[Collected data entries]
☆ ☆ ☆ ☆ ☆
(* Let $\Gamma$ be a connected finite simple graph on $N\ge3$ vertices with minimum degree $d=2$ and $\varepsilon=\frac12$. If there exist distinct vertices $u\sim v\sim w$ with $\deg u=\deg v=2$ and $\deg w=3$, then $\Gamma$ is the $3$-book graph (the book graph on $8$ vertices).
   Context: For a finite simple graph $\Gamma=(V,E)$ without isolated vertices, $\deg v$ is the number of neighbours of $v$ and $\mathcal N(v)=\{w\in V: w\sim v\}$. The normalized Laplacian acts on functions $f:V\to\mathbb R$ by $\Delta f(v)=f(v)-\frac{1}{\deg v}\sum_{w\sim v}f(w)$; its eigenvalues are $0=\lambda_1\le\lambda_2\le\dots\le\lambda_N$, and $\varepsilon:=\min_i|1-\lambda_i|$. $d$ denotes the minimum vertex degree. The $m$-book graph ($m\ge1$) has vertex set $\{x,y,v_1,\dots,v_m,w_1,\dots,w_m\}$ and edges $\{x,v_i\},\{y,w_i\},\{v_i,w_i\}$ for $i=1,\dots,m$. *)

From mathcomp Require Import all_boot all_order all_algebra.
From mathcomp Require Import reals.
Set Implicit Arguments. Unset Strict Implicit. Unset Printing Implicit Defensive.
Import Order.TTheory GRing.Theory Num.Theory.

Definition simple_graph (n : nat) (adj : rel 'I_n) : Prop :=
  symmetric adj /\ irreflexive adj.

Definition connected_graph (n : nat) (adj : rel 'I_n) : Prop :=
  forall u v : 'I_n, connect adj u v.

Definition deg (n : nat) (adj : rel 'I_n) (v : 'I_n) : nat :=
  #|[pred w | adj v w]|.

Definition min_degree_is (n : nat) (adj : rel 'I_n) (d : nat) : Prop :=
  (forall v, d <= deg adj v)%N /\ exists v, deg adj v = d.

Local Open Scope ring_scope.

Definition nlap (R : realType) (n : nat) (adj : rel 'I_n) (f : 'I_n -> R)
  (v : 'I_n) : R :=
  f v - ((deg adj v)%:R)^-1 * \sum_(w | adj v w) f w.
☆ ☆ ☆ ☆ ☆
▶ TASK DETAILS
Please filter the entries for the word "Require" and copy the lines that have it.

▶ RESULT OF THIS EXERCISE
From mathcomp Require Import all_boot all_order all_algebra.
From mathcomp Require Import reals.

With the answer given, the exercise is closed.